**YOUR TASK**
As the lines appear below, please set them down exactly, starting at the first and finishing with the one containing "move=> hbc; have".

**ENTRIES PROVIDED**
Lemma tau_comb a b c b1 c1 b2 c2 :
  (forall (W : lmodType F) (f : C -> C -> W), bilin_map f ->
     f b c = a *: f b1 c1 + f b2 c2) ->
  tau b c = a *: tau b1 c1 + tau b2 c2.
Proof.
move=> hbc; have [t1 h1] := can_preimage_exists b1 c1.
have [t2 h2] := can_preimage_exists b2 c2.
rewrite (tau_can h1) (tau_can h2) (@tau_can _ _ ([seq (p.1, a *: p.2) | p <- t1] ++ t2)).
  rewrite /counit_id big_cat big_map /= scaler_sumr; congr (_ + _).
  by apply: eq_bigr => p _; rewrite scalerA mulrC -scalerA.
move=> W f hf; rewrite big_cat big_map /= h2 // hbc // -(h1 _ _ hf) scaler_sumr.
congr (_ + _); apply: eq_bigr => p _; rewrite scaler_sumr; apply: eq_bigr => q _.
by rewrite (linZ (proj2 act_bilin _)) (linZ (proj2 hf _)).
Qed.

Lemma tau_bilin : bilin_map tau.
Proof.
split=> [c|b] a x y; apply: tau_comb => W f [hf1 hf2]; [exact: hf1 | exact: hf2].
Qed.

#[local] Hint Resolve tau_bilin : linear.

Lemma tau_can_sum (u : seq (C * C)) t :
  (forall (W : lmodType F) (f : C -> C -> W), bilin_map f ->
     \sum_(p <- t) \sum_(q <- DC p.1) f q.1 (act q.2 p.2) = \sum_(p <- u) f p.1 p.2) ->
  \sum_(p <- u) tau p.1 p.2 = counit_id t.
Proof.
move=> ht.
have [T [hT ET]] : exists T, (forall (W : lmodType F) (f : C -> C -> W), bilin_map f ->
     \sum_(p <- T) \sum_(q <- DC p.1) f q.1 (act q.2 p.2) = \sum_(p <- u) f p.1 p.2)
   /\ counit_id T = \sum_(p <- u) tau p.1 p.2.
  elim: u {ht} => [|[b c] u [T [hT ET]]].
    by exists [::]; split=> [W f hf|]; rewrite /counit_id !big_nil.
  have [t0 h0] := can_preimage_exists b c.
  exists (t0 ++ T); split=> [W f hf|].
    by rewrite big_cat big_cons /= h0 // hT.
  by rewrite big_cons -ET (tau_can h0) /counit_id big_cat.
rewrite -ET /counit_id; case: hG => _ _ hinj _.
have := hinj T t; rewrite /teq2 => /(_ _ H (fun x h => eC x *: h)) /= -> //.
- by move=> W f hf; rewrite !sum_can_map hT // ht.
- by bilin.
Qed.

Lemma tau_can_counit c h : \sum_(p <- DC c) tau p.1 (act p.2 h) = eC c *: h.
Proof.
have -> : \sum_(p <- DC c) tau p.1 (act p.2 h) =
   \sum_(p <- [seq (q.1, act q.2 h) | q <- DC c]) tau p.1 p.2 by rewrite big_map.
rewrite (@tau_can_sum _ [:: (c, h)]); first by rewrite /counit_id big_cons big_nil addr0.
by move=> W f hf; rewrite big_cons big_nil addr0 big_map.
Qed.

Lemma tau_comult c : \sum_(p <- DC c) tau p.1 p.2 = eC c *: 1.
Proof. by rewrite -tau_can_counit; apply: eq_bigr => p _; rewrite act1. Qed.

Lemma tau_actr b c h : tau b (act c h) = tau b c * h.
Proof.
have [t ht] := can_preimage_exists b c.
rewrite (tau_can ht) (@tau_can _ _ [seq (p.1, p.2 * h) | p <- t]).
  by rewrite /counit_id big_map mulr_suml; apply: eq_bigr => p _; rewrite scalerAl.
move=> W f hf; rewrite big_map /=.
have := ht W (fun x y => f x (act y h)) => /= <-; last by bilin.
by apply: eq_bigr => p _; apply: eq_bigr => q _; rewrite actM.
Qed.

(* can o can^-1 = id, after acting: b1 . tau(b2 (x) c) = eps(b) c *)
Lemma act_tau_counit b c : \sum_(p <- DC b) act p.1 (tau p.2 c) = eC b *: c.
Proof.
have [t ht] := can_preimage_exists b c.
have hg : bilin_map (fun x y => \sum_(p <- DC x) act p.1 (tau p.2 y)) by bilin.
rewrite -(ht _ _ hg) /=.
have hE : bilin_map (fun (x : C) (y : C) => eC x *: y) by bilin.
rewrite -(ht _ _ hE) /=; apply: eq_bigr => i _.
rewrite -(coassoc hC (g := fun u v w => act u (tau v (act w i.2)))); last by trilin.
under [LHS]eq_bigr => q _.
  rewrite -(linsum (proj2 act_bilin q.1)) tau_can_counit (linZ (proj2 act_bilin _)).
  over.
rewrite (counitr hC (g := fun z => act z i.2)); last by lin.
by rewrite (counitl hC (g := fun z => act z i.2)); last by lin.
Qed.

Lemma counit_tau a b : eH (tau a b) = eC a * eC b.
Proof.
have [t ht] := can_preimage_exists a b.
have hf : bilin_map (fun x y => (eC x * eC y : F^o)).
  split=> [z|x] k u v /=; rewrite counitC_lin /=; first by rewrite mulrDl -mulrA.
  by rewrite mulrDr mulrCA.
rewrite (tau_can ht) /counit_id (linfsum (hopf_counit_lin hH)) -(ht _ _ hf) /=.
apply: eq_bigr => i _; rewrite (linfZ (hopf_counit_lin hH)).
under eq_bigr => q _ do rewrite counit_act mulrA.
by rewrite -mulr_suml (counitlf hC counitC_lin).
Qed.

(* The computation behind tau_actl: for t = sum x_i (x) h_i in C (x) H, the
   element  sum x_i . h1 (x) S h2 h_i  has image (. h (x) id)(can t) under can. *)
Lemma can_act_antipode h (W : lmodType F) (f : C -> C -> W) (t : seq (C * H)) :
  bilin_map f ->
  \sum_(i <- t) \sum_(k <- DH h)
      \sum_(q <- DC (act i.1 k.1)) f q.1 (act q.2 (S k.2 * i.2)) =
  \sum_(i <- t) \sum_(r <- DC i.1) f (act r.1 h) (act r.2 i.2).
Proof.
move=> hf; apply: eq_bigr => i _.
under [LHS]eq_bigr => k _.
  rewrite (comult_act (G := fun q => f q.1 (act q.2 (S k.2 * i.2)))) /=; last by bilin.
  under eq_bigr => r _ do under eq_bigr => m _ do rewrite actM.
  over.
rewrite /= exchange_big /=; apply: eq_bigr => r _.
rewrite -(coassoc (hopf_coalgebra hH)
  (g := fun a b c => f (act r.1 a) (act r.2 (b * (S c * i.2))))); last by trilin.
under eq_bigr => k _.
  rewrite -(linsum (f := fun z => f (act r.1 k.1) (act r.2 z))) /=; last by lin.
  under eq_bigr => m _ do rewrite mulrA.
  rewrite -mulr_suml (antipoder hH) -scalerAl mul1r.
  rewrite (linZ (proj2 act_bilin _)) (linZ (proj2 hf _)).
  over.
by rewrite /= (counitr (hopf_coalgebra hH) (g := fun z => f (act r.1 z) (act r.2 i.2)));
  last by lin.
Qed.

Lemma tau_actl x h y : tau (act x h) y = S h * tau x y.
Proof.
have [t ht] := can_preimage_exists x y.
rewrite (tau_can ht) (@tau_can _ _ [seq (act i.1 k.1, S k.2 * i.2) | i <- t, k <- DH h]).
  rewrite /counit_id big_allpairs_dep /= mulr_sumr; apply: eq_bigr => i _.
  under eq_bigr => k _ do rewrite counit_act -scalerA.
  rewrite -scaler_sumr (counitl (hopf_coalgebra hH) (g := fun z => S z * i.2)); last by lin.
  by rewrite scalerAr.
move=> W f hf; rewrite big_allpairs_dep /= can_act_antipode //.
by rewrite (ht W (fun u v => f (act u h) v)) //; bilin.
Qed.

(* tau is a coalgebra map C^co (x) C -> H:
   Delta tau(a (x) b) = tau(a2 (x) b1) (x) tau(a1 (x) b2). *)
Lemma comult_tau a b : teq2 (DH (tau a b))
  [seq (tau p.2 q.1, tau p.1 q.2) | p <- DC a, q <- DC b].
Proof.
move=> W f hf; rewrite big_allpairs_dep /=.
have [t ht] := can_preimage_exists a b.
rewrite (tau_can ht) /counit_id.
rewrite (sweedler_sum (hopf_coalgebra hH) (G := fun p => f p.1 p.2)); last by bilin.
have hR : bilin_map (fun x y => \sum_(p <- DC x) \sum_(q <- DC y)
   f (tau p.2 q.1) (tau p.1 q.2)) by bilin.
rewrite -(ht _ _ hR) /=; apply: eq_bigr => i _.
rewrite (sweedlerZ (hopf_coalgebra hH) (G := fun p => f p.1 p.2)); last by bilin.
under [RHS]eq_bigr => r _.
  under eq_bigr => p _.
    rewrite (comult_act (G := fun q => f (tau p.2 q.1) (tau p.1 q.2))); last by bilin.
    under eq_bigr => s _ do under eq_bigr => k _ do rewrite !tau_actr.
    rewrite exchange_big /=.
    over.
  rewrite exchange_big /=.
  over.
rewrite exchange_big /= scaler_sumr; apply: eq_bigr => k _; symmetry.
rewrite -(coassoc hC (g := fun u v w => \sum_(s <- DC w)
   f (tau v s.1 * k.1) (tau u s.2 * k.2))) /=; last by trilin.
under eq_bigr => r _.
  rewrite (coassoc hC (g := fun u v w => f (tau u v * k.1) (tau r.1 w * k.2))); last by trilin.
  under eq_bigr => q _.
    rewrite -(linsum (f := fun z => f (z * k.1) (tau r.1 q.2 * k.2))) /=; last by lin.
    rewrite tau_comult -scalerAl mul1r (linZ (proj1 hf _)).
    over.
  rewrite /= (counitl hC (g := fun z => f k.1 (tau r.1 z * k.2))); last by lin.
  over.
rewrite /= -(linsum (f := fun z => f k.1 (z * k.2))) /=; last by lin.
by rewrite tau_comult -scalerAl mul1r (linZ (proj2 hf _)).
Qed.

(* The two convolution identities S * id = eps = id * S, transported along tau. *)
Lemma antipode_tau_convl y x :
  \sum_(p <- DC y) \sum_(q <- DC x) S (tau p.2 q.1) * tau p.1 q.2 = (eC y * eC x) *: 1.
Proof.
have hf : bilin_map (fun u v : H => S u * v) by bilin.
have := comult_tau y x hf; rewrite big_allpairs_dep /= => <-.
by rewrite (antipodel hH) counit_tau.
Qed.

**ANSWER SPACE**
Lemma tau_comb a b c b1 c1 b2 c2 :
  (forall (W : lmodType F) (f : C -> C -> W), bilin_map f ->
     f b c = a *: f b1 c1 + f b2 c2) ->
  tau b c = a *: tau b1 c1 + tau b2 c2.
Proof.
move=> hbc; have [t1 h1] := can_preimage_exists b1 c1.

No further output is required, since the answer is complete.